▸ AIM OF THE TASK: From the first line onward, reproduce the records exactly; the final line to include is the one holding "by exists z, j, i.".

○ ○ ○ ○ ○ ○ ○

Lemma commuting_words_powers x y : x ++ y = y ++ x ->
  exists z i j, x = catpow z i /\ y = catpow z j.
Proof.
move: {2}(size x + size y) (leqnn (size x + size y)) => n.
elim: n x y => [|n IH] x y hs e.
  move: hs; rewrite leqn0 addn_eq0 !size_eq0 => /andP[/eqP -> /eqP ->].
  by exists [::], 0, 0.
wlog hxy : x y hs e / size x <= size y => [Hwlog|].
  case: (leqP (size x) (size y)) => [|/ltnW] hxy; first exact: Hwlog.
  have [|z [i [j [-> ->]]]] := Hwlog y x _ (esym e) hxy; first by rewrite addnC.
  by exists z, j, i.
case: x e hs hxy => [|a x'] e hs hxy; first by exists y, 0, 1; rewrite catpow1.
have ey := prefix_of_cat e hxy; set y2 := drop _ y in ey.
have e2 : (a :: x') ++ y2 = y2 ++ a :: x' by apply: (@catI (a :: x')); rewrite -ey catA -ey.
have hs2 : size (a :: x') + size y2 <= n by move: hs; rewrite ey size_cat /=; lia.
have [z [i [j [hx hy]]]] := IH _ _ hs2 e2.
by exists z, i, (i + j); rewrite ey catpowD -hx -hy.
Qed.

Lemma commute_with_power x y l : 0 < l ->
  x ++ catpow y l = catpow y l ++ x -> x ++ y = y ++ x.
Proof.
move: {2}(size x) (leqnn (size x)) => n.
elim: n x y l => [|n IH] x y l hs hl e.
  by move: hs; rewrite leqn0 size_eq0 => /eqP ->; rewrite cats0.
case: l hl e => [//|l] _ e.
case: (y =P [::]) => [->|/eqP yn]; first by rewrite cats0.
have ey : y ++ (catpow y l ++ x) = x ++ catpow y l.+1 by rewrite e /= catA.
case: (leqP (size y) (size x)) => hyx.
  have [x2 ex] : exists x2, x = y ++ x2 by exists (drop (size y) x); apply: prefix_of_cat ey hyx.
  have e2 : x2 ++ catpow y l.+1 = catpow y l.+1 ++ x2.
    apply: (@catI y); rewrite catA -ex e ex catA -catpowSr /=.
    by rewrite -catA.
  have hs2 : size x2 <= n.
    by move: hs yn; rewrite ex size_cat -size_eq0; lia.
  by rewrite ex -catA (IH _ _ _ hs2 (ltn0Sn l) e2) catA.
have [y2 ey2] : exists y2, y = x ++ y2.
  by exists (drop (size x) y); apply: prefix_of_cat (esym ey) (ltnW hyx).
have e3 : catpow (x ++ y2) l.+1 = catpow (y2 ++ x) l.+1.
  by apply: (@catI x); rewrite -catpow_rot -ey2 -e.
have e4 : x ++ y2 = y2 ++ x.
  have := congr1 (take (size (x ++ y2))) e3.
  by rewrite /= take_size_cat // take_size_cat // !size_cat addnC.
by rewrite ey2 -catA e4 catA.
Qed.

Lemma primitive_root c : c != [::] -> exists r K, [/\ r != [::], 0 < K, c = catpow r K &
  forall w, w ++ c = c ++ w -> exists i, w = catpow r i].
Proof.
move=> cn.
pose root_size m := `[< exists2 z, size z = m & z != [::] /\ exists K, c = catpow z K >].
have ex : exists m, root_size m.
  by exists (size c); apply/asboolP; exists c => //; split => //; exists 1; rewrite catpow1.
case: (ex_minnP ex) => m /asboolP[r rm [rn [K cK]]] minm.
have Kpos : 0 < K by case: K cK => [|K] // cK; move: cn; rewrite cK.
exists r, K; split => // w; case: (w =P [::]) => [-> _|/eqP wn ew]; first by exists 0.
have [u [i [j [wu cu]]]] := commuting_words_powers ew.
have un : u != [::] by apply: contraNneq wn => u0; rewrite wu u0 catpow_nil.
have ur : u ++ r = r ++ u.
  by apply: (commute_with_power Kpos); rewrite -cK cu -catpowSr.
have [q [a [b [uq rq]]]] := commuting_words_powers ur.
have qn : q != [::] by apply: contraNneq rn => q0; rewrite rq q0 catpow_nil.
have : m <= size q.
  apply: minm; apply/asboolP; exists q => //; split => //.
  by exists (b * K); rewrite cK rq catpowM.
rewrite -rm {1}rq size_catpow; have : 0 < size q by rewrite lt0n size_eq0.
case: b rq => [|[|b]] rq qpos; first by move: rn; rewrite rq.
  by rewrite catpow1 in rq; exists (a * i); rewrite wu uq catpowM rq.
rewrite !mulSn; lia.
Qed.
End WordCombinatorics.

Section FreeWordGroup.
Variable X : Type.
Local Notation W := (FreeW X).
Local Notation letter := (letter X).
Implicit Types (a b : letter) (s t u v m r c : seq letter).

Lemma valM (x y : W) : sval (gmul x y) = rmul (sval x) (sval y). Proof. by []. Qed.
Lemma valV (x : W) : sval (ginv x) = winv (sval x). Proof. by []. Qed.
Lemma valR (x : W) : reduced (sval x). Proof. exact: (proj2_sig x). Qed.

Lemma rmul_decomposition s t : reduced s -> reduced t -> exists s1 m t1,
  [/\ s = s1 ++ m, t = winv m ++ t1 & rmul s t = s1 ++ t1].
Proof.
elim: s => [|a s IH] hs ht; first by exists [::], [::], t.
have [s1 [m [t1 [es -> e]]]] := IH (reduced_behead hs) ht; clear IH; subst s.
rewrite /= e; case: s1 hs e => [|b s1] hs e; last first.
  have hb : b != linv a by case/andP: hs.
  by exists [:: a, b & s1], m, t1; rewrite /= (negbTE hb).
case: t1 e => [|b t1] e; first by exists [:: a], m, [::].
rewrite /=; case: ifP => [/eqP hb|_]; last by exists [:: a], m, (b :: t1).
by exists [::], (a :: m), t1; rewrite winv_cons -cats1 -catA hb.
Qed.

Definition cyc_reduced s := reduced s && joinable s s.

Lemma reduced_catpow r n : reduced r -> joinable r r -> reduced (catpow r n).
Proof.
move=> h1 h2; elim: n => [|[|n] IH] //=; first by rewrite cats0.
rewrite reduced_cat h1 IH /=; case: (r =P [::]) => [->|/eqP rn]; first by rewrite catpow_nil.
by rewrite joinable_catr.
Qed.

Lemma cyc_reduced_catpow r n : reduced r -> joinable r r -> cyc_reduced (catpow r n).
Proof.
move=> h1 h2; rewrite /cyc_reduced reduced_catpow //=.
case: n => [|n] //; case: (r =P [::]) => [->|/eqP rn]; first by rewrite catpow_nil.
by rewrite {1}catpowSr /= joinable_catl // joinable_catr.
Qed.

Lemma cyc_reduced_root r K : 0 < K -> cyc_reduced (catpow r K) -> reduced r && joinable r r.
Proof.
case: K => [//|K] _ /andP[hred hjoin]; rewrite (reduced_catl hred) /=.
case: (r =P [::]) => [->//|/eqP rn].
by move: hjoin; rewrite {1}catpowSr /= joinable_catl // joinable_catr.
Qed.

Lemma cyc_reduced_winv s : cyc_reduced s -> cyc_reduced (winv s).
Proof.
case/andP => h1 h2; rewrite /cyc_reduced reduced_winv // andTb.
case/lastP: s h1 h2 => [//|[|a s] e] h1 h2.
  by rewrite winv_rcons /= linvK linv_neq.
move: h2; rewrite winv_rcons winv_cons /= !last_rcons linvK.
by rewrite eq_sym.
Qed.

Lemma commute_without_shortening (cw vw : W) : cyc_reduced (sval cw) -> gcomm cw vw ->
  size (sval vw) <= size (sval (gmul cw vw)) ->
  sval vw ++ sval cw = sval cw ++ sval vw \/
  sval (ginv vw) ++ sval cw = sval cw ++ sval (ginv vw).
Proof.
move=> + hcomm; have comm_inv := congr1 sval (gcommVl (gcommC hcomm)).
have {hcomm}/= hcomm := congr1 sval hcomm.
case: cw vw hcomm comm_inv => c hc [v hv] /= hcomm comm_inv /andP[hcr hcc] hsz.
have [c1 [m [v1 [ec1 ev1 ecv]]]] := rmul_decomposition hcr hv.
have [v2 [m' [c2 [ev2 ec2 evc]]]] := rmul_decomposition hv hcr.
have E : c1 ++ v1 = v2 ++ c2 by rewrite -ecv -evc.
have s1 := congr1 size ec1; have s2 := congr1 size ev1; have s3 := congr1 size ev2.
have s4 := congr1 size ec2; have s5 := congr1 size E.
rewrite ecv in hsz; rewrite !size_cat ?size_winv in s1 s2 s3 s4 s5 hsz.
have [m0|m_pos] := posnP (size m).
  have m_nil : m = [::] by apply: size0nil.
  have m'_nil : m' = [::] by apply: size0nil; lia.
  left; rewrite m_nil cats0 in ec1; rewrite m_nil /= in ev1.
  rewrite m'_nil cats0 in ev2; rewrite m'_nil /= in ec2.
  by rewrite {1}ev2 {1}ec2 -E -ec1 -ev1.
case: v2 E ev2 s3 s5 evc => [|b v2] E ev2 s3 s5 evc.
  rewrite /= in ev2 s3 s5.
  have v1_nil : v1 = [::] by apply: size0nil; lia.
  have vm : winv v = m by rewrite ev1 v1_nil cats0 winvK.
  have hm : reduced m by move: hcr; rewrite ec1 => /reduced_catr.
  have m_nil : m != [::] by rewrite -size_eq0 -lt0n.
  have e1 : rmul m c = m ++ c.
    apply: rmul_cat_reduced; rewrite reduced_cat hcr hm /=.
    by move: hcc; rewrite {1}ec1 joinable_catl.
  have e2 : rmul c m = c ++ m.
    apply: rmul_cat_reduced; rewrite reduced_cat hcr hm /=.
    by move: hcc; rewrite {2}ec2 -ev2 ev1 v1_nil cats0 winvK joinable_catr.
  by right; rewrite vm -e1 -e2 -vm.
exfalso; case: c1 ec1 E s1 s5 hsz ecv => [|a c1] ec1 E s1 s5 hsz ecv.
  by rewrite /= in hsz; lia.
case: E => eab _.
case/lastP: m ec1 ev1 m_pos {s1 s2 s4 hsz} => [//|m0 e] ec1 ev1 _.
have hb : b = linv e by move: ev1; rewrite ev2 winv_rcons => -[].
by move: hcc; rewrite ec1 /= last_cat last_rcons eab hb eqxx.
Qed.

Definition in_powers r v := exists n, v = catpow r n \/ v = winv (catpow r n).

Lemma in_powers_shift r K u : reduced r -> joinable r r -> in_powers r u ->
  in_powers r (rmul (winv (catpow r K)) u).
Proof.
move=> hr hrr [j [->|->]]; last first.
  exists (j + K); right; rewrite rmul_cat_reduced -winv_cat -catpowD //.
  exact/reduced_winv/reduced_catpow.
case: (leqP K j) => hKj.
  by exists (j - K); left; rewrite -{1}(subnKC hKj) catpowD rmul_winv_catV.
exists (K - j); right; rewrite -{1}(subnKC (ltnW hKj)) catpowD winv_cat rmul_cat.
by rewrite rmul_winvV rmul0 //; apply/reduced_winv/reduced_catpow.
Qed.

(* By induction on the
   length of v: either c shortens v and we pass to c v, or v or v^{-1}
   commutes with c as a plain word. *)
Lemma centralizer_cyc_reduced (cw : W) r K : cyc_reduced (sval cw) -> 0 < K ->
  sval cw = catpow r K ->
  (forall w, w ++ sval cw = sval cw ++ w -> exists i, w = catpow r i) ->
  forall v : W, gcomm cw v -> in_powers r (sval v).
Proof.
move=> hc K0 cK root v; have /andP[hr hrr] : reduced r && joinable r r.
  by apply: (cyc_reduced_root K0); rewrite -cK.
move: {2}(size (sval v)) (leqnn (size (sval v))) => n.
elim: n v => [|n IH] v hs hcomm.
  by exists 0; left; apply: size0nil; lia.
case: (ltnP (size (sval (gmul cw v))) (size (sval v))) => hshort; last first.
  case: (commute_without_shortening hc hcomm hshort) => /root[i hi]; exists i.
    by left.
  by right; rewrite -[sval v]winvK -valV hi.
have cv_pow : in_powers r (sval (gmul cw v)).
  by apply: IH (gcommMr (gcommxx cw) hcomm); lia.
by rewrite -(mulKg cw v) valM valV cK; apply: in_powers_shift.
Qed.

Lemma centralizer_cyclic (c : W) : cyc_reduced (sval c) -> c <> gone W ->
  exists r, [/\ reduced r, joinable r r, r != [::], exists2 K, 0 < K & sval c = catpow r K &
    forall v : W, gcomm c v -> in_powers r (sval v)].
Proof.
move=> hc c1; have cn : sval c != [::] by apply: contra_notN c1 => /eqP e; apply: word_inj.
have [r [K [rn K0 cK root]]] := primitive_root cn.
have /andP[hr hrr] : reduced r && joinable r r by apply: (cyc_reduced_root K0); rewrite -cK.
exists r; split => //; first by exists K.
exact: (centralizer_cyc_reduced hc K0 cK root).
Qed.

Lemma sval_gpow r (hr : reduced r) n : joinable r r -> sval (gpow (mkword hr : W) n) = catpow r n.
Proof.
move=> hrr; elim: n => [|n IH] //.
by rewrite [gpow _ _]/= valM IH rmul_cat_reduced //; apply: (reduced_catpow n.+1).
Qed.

○ ○ ○ ○ ○ ○ ○

▸ ANSWER SECTION:
Lemma commuting_words_powers x y : x ++ y = y ++ x ->
  exists z i j, x = catpow z i /\ y = catpow z j.
Proof.
move: {2}(size x + size y) (leqnn (size x + size y)) => n.
elim: n x y => [|n IH] x y hs e.
  move: hs; rewrite leqn0 addn_eq0 !size_eq0 => /andP[/eqP -> /eqP ->].
  by exists [::], 0, 0.
wlog hxy : x y hs e / size x <= size y => [Hwlog|].
  case: (leqP (size x) (size y)) => [|/ltnW] hxy; first exact: Hwlog.
  have [|z [i [j [-> ->]]]] := Hwlog y x _ (esym e) hxy; first by rewrite addnC.
  by exists z, j, i.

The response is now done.